AFH found itself inundated by more than 200 design proposals from teams in thirty countries. These included several proposals from Serbia, the aggressor in Kosovo, from which the teams of designers took pains to disassociate themselves.
Since the Kosovar War, AFH has grown into a force for refocusing design energy toward the vast, architecturally deprived majority of the world’s population. These are the refugees and slum and village dwellers referred to in architect Samuel Mockbee’s therapeutic prescription that “everybody wants the same thing. . . not only a warm, dry room, but a shelter for the soul.”
One of AFH’s signature projects, done in cooperation with Relief International, is the design and construction of seven “emergency and transitional schools” in Sri Lanka’s 2004 tsunami-devastated Ampara District. When it began, the AFH team was less interested in form than function. “These were generic designs for temporary schools,” Platt says about buildings she considers “not architecturally valuable.” Value however, exists in the eyes of the numerous beholders. These included Cameron Sinclair, who, when he visited, was delighted that — in AFH fashion — the specified roof tiles had been replaced by less-expensive, quieter-in-the-rain, locally procured, and woven coconut leaves. “God is in the details,” Sinclair says about the confluence of design and utility. “In every building, we try to develop architectural solutions in keeping with the needs of that community and with how they define beauty.”

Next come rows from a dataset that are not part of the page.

Lemma rsum_weighted_cauchy_schwarz n u v w :
  (forall j, (j < n)%nat -> 0 < w j) ->
  rsum n (fun j => u j * v j) ^ 2 <=
  rsum n (fun j => u j ^ 2 / w j) * rsum n (fun j => w j * v j ^ 2).
Proof.
  intros Hw.
  replace (rsum n (fun j => u j * v j))
    with (rsum n (fun j => (u j / sqrt (w j)) * (sqrt (w j) * v j))).
  2:{ apply rsum_ext; intros j Hj. specialize (Hw j Hj).
      assert (0 < sqrt (w j)) by (apply sqrt_lt_R0; auto). field. lra. }
  replace (rsum n (fun j => u j ^ 2 / w j))
    with (rsum n (fun j => (u j / sqrt (w j)) ^ 2)).
  2:{ apply rsum_ext; intros j Hj. specialize (Hw j Hj).
      assert (0 < sqrt (w j)) by (apply sqrt_lt_R0; auto).
      unfold Rdiv. rewrite Rpow_mult_distr, pow_inv, pow2_sqrt; lra. }
  replace (rsum n (fun j => w j * v j ^ 2))
    with (rsum n (fun j => (sqrt (w j) * v j) ^ 2)).
  2:{ apply rsum_ext; intros j Hj. specialize (Hw j Hj).
      rewrite Rpow_mult_distr, pow2_sqrt; lra. }
  apply rsum_cauchy_schwarz.
Qed.

Lemma Cx_eq (z w : Cx) : fst z = fst w -> snd z = snd w -> z = w.
Proof. destruct z, w; simpl; intros; subst; auto. Qed.

Lemma fst_Csum_nat n F : fst (Csum_nat n F) = rsum n (fun i => fst (F i)).
Proof. induction n; simpl; auto. rewrite IHn; auto. Qed.

Lemma snd_Csum_nat n F : snd (Csum_nat n F) = rsum n (fun i => snd (F i)).
Proof. induction n; simpl; auto. rewrite IHn; auto. Qed.

Lemma fst_Csum_list l F : fst (Csum_list l F) = lsum l (fun x => fst (F x)).
Proof. induction l; simpl; auto. rewrite IHl; auto. Qed.

Lemma snd_Csum_list l F : snd (Csum_list l F) = lsum l (fun x => snd (F x)).
Proof. induction l; simpl; auto. rewrite IHl; auto. Qed.

Lemma Cmod_nonneg z : 0 <= Cmod z.
Proof. apply sqrt_pos. Qed.

Lemma Cmod_sq z : Cmod z ^ 2 = fst z ^ 2 + snd z ^ 2.
Proof. unfold Cmod. apply pow2_sqrt. nra. Qed.

Lemma Cmod_mult z w : Cmod (Cmult z w) = Cmod z * Cmod w.
Proof. unfold Cmod. rewrite <- sqrt_mult by nra. f_equal. unfold Cmult; simpl. ring. Qed.

(** The triangle inequality; the key step is the Cauchy–Schwarz bound
    [a c + b d <= |z| |w|] for the real inner product of [z] and [w]. *)
Lemma Cmod_triangle z w : Cmod (Cplus z w) <= Cmod z + Cmod w.
Proof.
  destruct z as [a b], w as [c d]. unfold Cmod, Cplus; cbn [fst snd].
  set (p := sqrt (a ^ 2 + b ^ 2)). set (q := sqrt (c ^ 2 + d ^ 2)).
  assert (Hp : 0 <= p) by apply sqrt_pos. assert (Hq : 0 <= q) by apply sqrt_pos.
  assert (Hp2 : p * p = a ^ 2 + b ^ 2) by (apply sqrt_sqrt; nra).
  assert (Hq2 : q * q = c ^ 2 + d ^ 2) by (apply sqrt_sqrt; nra).
  assert (Hinner : a * c + b * d <= p * q).
  { unfold p, q. rewrite <- sqrt_mult by nra.
    apply Rle_trans with (Rabs (a * c + b * d)); [apply Rle_abs|].
    rewrite <- sqrt_Rsqr_abs. apply sqrt_le_1_alt. unfold Rsqr.
    assert (0 <= (a * d - b * c) ^ 2) by apply pow2_ge_0. nra. }
  rewrite <- (sqrt_pow2 (p + q)) by lra. apply sqrt_le_1_alt. nra.
Qed.

Lemma Cmod_Csum_nat n G : Cmod (Csum_nat n G) <= rsum n (fun i => Cmod (G i)).
Proof.
  induction n; simpl.
  - unfold Cmod, C0; simpl. replace (0 * (0 * 1) + 0 * (0 * 1)) with 0 by ring.
    rewrite sqrt_0; lra.
  - eapply Rle_trans; [apply Cmod_triangle|]. lra.
Qed.

Definition expsum (X : list R) (k : Z) : Cx := Csum_list X (fun x => e (x * IZR k)).

(** Exchanging the two sums: [sum_x f(x) = sum_i a_i S_X(y_i)], hence
    [|sum_x f(x)| <= sum_i |a_i| |S_X(y_i)|]. *)
Lemma Cmod_sum_trig_poly_le X n a y :
  Cmod (Csum_list X (fsum n a y)) <= rsum n (fun i => Cmod (a i) * Cmod (expsum X (y i))).
Proof.
  assert (Hswap : Csum_list X (fsum n a y) = Csum_nat n (fun i => Cmult (a i) (expsum X (y i)))).
  { unfold fsum, expsum, Cmult. apply Cx_eq.
    - rewrite fst_Csum_list, fst_Csum_nat.
      rewrite (lsum_ext _ _ (fun x => rsum n (fun i => fst (Cmult (a i) (e (x * IZR (y i)))))))
        by (intros; apply fst_Csum_nat).
      rewrite lsum_rsum_swap. apply rsum_ext; intros. simpl.
      rewrite fst_Csum_list, snd_Csum_list, <- !lsum_scal, <- lsum_minus.
      apply lsum_ext; intros. reflexivity.
    - rewrite snd_Csum_list, snd_Csum_nat.
      rewrite (lsum_ext _ _ (fun x => rsum n (fun i => snd (Cmult (a i) (e (x * IZR (y i)))))))
        by (intros; apply snd_Csum_nat).
      rewrite lsum_rsum_swap. apply rsum_ext; intros. simpl.
      rewrite fst_Csum_list, snd_Csum_list, <- !lsum_scal, <- lsum_plus.
      apply lsum_ext; intros. reflexivity. }
  rewrite Hswap. eapply Rle_trans; [apply Cmod_Csum_nat|].
  right. apply rsum_ext; intros. apply Cmod_mult.
Qed.

Lemma Cmod_expsum_sq X k :
  Cmod (expsum X k) ^ 2 = lsum X (fun x => lsum X (fun x' => cos (IZR k * (2 * PI * (x - x'))))).
Proof.
  rewrite Cmod_sq. unfold expsum. rewrite fst_Csum_list, snd_Csum_list. cbn [fst snd e].
  rewrite <- !Rsqr_pow2. unfold Rsqr. rewrite !lsum_sq, <- lsum_plus.
  apply lsum_ext; intros. rewrite <- lsum_plus. apply lsum_ext; intros.
  rewrite <- cos_minus. f_equal. ring.
Qed.

(** The Dirichlet kernel [D_M(t) = sum_{|k| <= M} cos(k t)] and the Fejér
    kernel [F_N(t) = sum_{|k| <= N} (N + 1 - |k|) cos(k t)], written with
    the positive frequencies only. *)
Definition dirichlet (M : nat) (t : R) : R := 1 + 2 * rsum M (fun k => cos (INR (S k) * t)).

Definition fejer (N : nat) (t : R) : R :=
  INR (S N) + 2 * rsum N (fun k => (INR N - INR k) * cos (INR (S k) * t)).

Lemma dirichlet_mul_one_minus_cos M t :
  dirichlet M t * (2 - 2 * cos t) = 2 * cos (INR M * t) - 2 * cos (INR (S M) * t).
Proof.
  unfold dirichlet. induction M as [|M IH].
  - simpl. rewrite Rmult_0_l, Rmult_1_l, cos_0. ring.
  - rewrite rsum_S.
    replace ((1 + 2 * (rsum M (fun k => cos (INR (S k) * t)) + cos (INR (S M) * t))) * (2 - 2 * cos t))
      with ((1 + 2 * rsum M (fun k => cos (INR (S k) * t))) * (2 - 2 * cos t)
            + 4 * cos (INR (S M) * t) - 2 * (cos (INR (S M) * t + t) + cos (INR (S M) * t - t)))
      by (rewrite cos_plus, cos_minus; ring).
    rewrite IH.
    replace (INR (S M) * t + t) with (INR (S (S M)) * t) by (rewrite !S_INR; ring).
    replace (INR (S M) * t - t) with (INR M * t) by (rewrite !S_INR; ring). ring.
Qed.

Lemma dirichlet_le M t : dirichlet M t <= 2 * INR M + 1.
Proof.
  unfold dirichlet.
  assert (Hcos : rsum M (fun k => cos (INR (S k) * t)) <= rsum M (fun _ => 1))
    by (apply rsum_le; intros; apply COS_bound).
  rewrite rsum_const in Hcos. lra.
Qed.

Lemma fejer_S N t : fejer (S N) t = fejer N t + dirichlet (S N) t.
Proof.
  unfold fejer, dirichlet. rewrite !rsum_S.
  rewrite (rsum_ext N (fun k => (INR (S N) - INR k) * cos (INR (S k) * t))
     (fun k => (INR N - INR k) * cos (INR (S k) * t) + cos (INR (S k) * t)))
    by (intros; rewrite S_INR; ring).
  rewrite rsum_plus, !S_INR. ring.
Qed.

Lemma fejer_mul_one_minus_cos N t : fejer N t * (2 - 2 * cos t) = 2 - 2 * cos (INR (S N) * t).
Proof.
  induction N as [|N IH].
  - unfold fejer; simpl. rewrite Rmult_1_l. ring.
  - rewrite fejer_S, Rmult_plus_distr_r, IH, dirichlet_mul_one_minus_cos. ring.
Qed.

Lemma fejer_le_sq N t : fejer N t <= INR (S N) ^ 2.
Proof.
  induction N as [|N IH].
  - unfold fejer; simpl. lra.
  - rewrite fejer_S. assert (h := dirichlet_le (S N) t). rewrite !S_INR in *. nra.
Qed.

Lemma fejer_mul_one_minus_cos_le N t : fejer N t * (1 - cos t) <= 2.
Proof.
  assert (h := fejer_mul_one_minus_cos N t).
  assert (h2 := COS_bound (INR (S N) * t)). lra.
Qed.

(** Reindexing a sum over [-N..N] (stored as [0..2N]) by folding [k] and [-k]. *)
Lemma rsum_symmetric N g : rsum (2 * N + 1) (fun j => g (INR j - INR N)) =
  g 0 + rsum N (fun k => g (INR (S k)) + g (- INR (S k))).
Proof.
  induction N as [|N IH].
  - simpl. rewrite Rminus_0_r. ring.
  - replace (2 * S N + 1)%nat with (S (S (2 * N + 1))) by lia.
    rewrite rsum_shift, rsum_S.
    rewrite (rsum_ext (2 * N + 1) (fun i => g (INR (S i) - INR (S N))) (fun j => g (INR j - INR N)))
      by (intros; f_equal; rewrite !S_INR; ring).
    rewrite IH, rsum_S.
    replace (INR 0 - INR (S N)) with (- INR (S N)) by (simpl; ring).
    replace (INR (S (2 * N + 1)) - INR (S N)) with (INR (S N))
      by (rewrite !S_INR, plus_INR, mult_INR; simpl; ring).
    ring.
Qed.

Lemma fejer_symmetric N t : fejer N t =
  rsum (2 * N + 1) (fun j => (INR (S N) - Rabs (INR j - INR N)) * cos ((INR j - INR N) * t)).
Proof.
  rewrite (rsum_symmetric N (fun u => (INR (S N) - Rabs u) * cos (u * t))).
  unfold fejer. rewrite Rabs_R0, Rmult_0_l, cos_0, <- rsum_scal.
  f_equal; [ring|]. apply rsum_ext; intros k _.
  rewrite Rabs_Ropp, Rabs_pos_eq by apply pos_INR.
  replace (- INR (S k) * t) with (- (INR (S k) * t)) by ring.
  rewrite cos_neg, !S_INR. ring.
Qed.

Lemma fejer_weighted_expsum X N :
  rsum (2 * N + 1) (fun j => (INR (S N) - Rabs (INR j - INR N))
                             * Cmod (expsum X (Z.of_nat j - Z.of_nat N)) ^ 2)
  = lsum X (fun x => lsum X (fun x' => fejer N (2 * PI * (x - x')))).
Proof.
  rewrite (rsum_ext _ _ (fun j => lsum X (fun x => lsum X (fun x' =>
     (INR (S N) - Rabs (INR j - INR N)) * cos ((INR j - INR N) * (2 * PI * (x - x'))))))).
  2:{ intros. rewrite Cmod_expsum_sq, <- lsum_scal. apply lsum_ext; intros.
      rewrite <- lsum_scal. apply lsum_ext; intros.
      rewrite minus_IZR, <- !INR_IZR_INZ. reflexivity. }
  rewrite <- lsum_rsum_swap. apply lsum_ext; intros.
  rewrite <- lsum_rsum_swap. apply lsum_ext; intros.
  symmetry. apply fejer_symmetric.
Qed.

Lemma PI_bounds : 3.1415 <= PI <= 3.1421.
Proof.
  destruct (PI_2_3_7_ineq 1) as [H1 H2].
  unfold tg_alt, PI_2_3_7_tg, Ratan_seq in *. simpl in *. lra.
Qed.

Lemma sin_ge_cubic x : 0 <= x -> x <= PI -> x - x ^ 3 / 6 <= sin x.
Proof.
  intros Hx0 HxPI. destruct (SIN x Hx0 HxPI) as [Hlb _]. eapply Rle_trans; [|exact Hlb].
  unfold sin_lb, sin_approx, sin_term. simpl. pose proof PI_bounds.
  assert (x * x <= 16) by nra. assert (0 <= x ^ 5) by (apply pow_le; auto).
  assert (x ^ 7 = x ^ 5 * (x * x)) by ring.
  replace (INR (fact 7)) with 5040 by (simpl; lra). replace (INR (fact 5)) with 120 by (simpl; lra).
  replace (INR (fact 3)) with 6 by (simpl; lra). replace (INR (fact 1)) with 1 by (simpl; lra).
  nra.
Qed.

Lemma cos_shift_int t z : cos (t + 2 * PI * IZR z) = cos t.
Proof.
  assert (Hsin : sin (2 * PI * IZR z) = 0).
  { apply sin_eq_0_1. exists (2 * z)%Z. rewrite mult_IZR; simpl; ring. }
  assert (Hcos : cos (2 * PI * IZR z) = 1).
  { replace (2 * PI * IZR z) with (2 * (IZR z * PI)) by ring.
    rewrite cos_2a_sin, sin_eq_0_1 by (exists z; auto). ring. }
  rewrite cos_plus, Hsin, Hcos. ring.
Qed.

(** Quadratic lower bound [1 - cos(2 pi u) >= 6.8 u^2] for [|u| <= 1/2]:
    write [1 - cos(2 pi u) = 2 sin(pi u)^2] and use [sin v >= 0.588 v] for
    [0 <= v <= pi/2], which follows from the cubic Taylor bound. *)
Lemma one_minus_cos_ge_sq u : Rabs u <= /2 -> (68 / 10) * u ^ 2 <= 1 - cos (2 * PI * u).
Proof.
  intros Hu. replace (2 * PI * u) with (2 * (PI * u)) by ring. rewrite cos_2a_sin.
  pose proof PI_bounds as HPI.
  assert (Hhalf : forall v, 0 <= v <= /2 -> (68 / 10) * v ^ 2 <= 2 * (sin (PI * v) * sin (PI * v))).
  { intros v Hv.
    assert (Hcubic : PI * v - (PI * v) ^ 3 / 6 <= sin (PI * v)) by (apply sin_ge_cubic; nra).
    assert (Hlin : (588 / 1000) * PI * v <= PI * v - (PI * v) ^ 3 / 6).
    { assert (0 <= PI * v <= 1.5711) by (split; nra).
      assert ((PI * v) ^ 2 <= 2.47) by nra.
      replace ((PI * v) ^ 3) with ((PI * v) ^ 2 * (PI * v)) by ring. nra. }
    assert (0 <= (588 / 1000) * PI * v) by nra.
    assert (Hsq : ((588 / 1000) * PI * v) ^ 2 <= sin (PI * v) * sin (PI * v)) by nra.
    assert (PI ^ 2 >= 9.869) by nra.
    replace (((588 / 1000) * PI * v) ^ 2) with ((345744 / 1000000) * PI ^ 2 * v ^ 2) in Hsq by field.
    nra. }
  destruct (Rle_dec 0 u) as [Hpos|Hneg].
  - rewrite Rabs_pos_eq in Hu by auto. specialize (Hhalf u (conj Hpos Hu)). lra.
  - apply Rnot_le_lt in Hneg. rewrite Rabs_left in Hu by lra. 
    assert (Hnu : 0 <= - u <= /2) by lra. specialize (Hhalf (- u) Hnu).
    replace (PI * - u) with (- (PI * u)) in Hhalf by ring. rewrite sin_neg in Hhalf.
    replace ((- u) ^ 2) with (u ^ 2) in Hhalf by ring. lra.
Qed.

(** [sum_{j=1}^{n+1} 1/j^2 <= 2 - 1/(n+1)], by telescoping [1/j^2 <= 1/(j-1) - 1/j]. *)
Lemma inv_sq_sum_le n : rsum (S n) (fun j => / INR (S j) ^ 2) <= 2 - / INR (S n).
Proof.
  induction n as [|n IH].
  - simpl. lra.
  - rewrite rsum_S. set (m := INR (S n)) in *.
    assert (Hm : 1 <= m) by (unfold m; rewrite S_INR; pose proof (pos_INR n); lra).
    replace (INR (S (S n))) with (m + 1) by (unfold m; rewrite (S_INR (S n)); ring).
    assert (/ (m + 1) ^ 2 <= / m - / (m + 1)).
    { replace (/ m - / (m + 1)) with (/ (m * (m + 1))) by (field; lra).
      apply Rinv_le_contravar; nra. }
    lra.
Qed.

Lemma inv_sq_sum_le_2 n : rsum n (fun j => / INR (S j) ^ 2) <= 2.
Proof.
  destruct n as [|n]; [cbn [rsum]; lra|].
  pose proof (inv_sq_sum_le n).
  assert (0 < / INR (S n)) by (apply Rinv_0_lt_compat, lt_0_INR; lia). lra.
Qed.

(** Majorant of the Fejér kernel [F_N(2 pi d)] at a point [d] whose distance
    to the nearest integer is at least [j delta / 2]: the trivial bound
    [(N+1)^2] for [j = 0], and [2 / (1 - cos) <= 8 / (6.8 delta^2 j^2)] otherwise. *)
Definition fejer_majorant (N : nat) (delta : R) (j : nat) : R :=
  match j with
  | O => INR (S N) ^ 2
  | S j' => 8 / ((68 / 10) * delta ^ 2) * / INR (S j') ^ 2
  end.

To match Sinclair and Stohr’s belief in “the connection between good design and human dignity,” AFH has increasingly morphed into an online repository and creative engine for all kinds of give-a-damn civic-design innovations. The group is working with Advanced Micro Devices on an Open Architectural Challenge called 50×15, the goal of which is to design low-cost, sustainable technology facilities through which to provide Internet access to 50 percent of the world’s population by 2015.
In every case, Stohr says, “the challenge is to create innovative educational spaces that are healthier, environmentally kinder, and learning friendly.”
Richard Rapaport is a political and architectural writer who contributes regularly to Edutopia.